#### Exercise requirements
Pull every line of the entries that has the word "match".

(Dataset entries)
....
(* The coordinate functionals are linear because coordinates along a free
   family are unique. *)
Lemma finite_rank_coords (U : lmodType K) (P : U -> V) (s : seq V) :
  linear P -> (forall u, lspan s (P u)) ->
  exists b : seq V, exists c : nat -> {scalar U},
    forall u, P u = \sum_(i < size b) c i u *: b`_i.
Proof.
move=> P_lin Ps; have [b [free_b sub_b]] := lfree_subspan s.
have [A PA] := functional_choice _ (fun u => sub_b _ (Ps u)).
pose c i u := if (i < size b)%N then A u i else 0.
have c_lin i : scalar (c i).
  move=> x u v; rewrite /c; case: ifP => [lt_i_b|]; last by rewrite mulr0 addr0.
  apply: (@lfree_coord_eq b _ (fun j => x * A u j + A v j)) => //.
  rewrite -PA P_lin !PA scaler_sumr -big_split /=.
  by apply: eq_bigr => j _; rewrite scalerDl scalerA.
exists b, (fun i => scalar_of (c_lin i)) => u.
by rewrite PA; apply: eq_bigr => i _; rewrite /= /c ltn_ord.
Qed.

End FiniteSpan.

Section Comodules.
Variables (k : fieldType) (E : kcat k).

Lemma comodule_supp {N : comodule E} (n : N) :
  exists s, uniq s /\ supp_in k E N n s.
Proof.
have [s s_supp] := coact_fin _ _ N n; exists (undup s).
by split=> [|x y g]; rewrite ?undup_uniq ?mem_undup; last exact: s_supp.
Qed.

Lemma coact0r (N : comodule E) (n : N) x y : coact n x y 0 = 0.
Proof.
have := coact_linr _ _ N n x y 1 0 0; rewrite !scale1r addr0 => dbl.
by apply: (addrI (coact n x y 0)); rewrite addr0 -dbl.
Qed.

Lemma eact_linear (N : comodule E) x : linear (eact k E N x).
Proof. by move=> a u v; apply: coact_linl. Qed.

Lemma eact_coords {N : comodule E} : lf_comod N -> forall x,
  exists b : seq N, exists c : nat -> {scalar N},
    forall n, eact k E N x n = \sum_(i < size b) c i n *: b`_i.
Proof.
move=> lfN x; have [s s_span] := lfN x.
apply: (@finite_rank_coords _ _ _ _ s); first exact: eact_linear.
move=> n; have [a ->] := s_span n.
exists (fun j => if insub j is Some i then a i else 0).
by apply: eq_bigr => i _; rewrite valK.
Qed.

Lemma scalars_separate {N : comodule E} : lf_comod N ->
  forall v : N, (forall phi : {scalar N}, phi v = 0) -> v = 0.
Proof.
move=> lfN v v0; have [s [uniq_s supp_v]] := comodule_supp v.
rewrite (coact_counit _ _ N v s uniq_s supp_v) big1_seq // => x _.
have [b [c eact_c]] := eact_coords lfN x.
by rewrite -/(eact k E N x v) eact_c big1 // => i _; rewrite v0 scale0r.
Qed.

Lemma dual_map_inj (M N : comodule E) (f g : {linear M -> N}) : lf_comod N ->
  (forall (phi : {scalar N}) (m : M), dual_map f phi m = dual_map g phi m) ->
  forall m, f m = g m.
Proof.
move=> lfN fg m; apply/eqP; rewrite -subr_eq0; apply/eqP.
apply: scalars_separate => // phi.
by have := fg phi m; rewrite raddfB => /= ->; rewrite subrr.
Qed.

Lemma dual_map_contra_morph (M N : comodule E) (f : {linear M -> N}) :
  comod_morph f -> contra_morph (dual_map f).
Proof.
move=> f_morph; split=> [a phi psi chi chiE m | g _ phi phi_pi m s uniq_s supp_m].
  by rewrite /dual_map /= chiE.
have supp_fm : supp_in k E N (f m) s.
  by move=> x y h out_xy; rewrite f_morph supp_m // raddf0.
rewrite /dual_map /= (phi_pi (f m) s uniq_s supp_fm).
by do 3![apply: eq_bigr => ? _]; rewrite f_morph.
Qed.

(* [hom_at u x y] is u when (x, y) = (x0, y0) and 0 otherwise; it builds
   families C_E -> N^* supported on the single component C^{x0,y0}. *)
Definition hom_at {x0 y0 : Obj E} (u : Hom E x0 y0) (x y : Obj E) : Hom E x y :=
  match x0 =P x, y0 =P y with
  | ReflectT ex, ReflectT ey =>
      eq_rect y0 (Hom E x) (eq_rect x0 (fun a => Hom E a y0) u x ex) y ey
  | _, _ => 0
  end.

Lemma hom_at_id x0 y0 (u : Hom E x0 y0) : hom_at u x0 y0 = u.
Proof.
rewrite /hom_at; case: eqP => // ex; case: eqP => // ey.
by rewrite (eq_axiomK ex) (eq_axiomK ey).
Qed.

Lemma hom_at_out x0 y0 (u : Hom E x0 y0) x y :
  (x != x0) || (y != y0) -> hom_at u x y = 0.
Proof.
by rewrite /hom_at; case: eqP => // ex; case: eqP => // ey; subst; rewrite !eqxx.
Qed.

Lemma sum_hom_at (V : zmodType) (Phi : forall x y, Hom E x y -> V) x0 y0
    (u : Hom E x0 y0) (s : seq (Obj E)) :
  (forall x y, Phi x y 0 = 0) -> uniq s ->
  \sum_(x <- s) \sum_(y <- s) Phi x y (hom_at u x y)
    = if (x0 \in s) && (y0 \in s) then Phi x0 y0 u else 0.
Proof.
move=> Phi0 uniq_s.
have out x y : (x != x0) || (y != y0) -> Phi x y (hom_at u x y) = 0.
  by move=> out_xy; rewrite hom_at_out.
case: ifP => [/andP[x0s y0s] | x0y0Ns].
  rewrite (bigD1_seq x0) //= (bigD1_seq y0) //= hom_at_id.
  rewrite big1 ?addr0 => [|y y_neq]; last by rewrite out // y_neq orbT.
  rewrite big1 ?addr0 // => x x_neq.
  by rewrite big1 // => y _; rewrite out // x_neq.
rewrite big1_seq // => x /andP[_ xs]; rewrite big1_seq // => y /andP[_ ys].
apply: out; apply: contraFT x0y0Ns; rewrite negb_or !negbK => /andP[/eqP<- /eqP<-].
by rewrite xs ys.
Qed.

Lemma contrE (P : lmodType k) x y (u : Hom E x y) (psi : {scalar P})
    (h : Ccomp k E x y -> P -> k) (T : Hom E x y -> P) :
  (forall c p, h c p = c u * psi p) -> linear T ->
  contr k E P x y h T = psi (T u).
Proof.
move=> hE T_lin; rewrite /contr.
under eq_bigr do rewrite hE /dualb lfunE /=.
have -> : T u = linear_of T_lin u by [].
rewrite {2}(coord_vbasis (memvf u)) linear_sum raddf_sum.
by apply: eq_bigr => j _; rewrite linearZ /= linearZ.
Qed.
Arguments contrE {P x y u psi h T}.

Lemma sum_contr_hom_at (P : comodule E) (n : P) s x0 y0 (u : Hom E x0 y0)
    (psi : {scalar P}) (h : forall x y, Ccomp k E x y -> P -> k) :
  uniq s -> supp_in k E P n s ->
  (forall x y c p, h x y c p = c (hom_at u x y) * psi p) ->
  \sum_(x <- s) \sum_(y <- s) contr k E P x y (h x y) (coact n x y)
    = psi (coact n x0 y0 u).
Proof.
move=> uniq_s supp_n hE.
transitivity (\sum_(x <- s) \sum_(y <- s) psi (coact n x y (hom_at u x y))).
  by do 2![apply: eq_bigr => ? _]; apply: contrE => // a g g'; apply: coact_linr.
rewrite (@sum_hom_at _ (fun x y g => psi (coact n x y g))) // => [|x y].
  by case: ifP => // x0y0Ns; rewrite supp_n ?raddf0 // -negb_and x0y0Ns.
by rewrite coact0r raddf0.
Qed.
....
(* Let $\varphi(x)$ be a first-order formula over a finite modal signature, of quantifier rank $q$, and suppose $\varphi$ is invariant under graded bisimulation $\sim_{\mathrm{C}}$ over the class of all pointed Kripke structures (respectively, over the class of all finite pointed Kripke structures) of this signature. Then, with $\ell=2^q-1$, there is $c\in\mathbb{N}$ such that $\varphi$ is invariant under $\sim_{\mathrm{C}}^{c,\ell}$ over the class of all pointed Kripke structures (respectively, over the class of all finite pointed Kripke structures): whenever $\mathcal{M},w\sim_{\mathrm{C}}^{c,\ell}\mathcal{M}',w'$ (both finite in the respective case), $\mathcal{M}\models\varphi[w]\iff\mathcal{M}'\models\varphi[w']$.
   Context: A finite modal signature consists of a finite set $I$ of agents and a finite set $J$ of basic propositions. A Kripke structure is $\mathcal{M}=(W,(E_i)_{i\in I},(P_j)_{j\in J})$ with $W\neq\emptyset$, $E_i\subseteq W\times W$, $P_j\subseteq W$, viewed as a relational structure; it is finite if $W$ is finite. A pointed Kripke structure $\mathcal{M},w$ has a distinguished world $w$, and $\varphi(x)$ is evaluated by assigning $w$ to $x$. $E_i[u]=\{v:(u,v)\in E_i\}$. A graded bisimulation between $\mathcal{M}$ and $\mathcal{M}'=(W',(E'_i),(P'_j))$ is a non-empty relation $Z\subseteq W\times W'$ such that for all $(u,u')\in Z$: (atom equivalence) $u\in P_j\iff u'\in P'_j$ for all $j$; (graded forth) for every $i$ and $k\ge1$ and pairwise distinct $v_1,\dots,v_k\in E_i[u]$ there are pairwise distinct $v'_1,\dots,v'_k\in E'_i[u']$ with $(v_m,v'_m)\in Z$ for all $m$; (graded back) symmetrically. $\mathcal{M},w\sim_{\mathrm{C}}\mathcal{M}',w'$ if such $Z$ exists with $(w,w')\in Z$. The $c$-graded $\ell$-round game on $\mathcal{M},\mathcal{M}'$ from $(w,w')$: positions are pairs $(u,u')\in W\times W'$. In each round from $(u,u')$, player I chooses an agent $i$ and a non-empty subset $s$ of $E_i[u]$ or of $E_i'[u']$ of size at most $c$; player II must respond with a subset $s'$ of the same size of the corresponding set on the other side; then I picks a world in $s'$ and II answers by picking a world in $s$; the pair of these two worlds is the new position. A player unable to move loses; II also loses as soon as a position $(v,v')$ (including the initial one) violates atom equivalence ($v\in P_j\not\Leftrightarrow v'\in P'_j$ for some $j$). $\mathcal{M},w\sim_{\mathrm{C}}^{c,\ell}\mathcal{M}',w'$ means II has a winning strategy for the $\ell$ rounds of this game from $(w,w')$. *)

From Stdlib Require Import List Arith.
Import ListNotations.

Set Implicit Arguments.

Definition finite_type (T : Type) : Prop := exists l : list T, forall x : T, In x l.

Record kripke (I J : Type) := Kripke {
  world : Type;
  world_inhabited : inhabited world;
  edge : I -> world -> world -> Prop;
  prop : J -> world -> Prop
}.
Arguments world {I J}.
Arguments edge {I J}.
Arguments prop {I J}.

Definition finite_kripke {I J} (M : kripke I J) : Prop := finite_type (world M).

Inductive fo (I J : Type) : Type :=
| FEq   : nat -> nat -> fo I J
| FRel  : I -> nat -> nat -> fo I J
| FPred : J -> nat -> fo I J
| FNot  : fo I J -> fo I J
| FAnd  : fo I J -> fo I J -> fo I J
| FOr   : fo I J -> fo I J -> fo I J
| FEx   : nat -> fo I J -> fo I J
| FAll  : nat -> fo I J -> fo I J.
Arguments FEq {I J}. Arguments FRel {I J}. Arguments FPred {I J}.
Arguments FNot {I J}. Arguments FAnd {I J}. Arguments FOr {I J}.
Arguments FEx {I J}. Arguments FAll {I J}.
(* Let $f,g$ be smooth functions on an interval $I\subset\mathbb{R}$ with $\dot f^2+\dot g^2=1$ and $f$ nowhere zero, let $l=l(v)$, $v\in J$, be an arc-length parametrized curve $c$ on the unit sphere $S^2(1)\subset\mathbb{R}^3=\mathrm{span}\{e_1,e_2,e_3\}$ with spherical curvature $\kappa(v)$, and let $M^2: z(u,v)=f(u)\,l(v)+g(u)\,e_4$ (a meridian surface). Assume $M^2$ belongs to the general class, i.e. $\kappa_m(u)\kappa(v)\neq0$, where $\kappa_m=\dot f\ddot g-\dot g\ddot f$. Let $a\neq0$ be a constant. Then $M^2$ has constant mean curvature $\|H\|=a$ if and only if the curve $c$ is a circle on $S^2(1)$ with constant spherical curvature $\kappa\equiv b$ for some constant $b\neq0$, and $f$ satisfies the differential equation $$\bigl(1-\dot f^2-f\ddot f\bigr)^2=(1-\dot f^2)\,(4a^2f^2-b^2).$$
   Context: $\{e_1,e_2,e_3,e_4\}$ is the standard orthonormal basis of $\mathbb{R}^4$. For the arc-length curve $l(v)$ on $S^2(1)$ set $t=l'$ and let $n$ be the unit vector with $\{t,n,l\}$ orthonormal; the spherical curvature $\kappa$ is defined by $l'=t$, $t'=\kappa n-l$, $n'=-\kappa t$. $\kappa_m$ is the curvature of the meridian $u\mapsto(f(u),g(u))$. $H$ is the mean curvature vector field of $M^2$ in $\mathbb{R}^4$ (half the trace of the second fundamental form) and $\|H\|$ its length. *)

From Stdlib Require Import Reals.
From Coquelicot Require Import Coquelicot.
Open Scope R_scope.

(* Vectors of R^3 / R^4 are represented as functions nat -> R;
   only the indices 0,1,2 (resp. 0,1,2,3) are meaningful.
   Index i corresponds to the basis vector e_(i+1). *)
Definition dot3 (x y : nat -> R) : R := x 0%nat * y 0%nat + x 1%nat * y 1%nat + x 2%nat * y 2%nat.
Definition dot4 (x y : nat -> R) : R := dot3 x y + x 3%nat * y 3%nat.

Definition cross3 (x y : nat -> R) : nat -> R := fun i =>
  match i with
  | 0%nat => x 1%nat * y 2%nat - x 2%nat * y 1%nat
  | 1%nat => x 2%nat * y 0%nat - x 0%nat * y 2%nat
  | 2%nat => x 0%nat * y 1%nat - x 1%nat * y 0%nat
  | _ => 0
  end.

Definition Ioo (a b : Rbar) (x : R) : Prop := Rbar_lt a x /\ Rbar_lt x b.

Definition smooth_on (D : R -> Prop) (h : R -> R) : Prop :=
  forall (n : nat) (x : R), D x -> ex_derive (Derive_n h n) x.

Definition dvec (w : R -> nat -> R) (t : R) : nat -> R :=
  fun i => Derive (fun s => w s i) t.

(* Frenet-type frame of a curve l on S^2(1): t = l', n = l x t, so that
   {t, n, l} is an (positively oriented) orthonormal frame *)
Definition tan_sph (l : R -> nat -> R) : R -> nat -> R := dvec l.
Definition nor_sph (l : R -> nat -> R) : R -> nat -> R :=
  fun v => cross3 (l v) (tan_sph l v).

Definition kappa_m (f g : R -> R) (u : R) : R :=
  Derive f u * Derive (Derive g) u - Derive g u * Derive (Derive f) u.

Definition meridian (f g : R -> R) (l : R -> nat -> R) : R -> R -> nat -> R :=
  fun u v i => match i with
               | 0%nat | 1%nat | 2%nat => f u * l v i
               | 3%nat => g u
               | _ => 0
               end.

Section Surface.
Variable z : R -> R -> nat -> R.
....
#### Task solution
  match x0 =P x, y0 =P y with
  match i with
  fun u v i => match i with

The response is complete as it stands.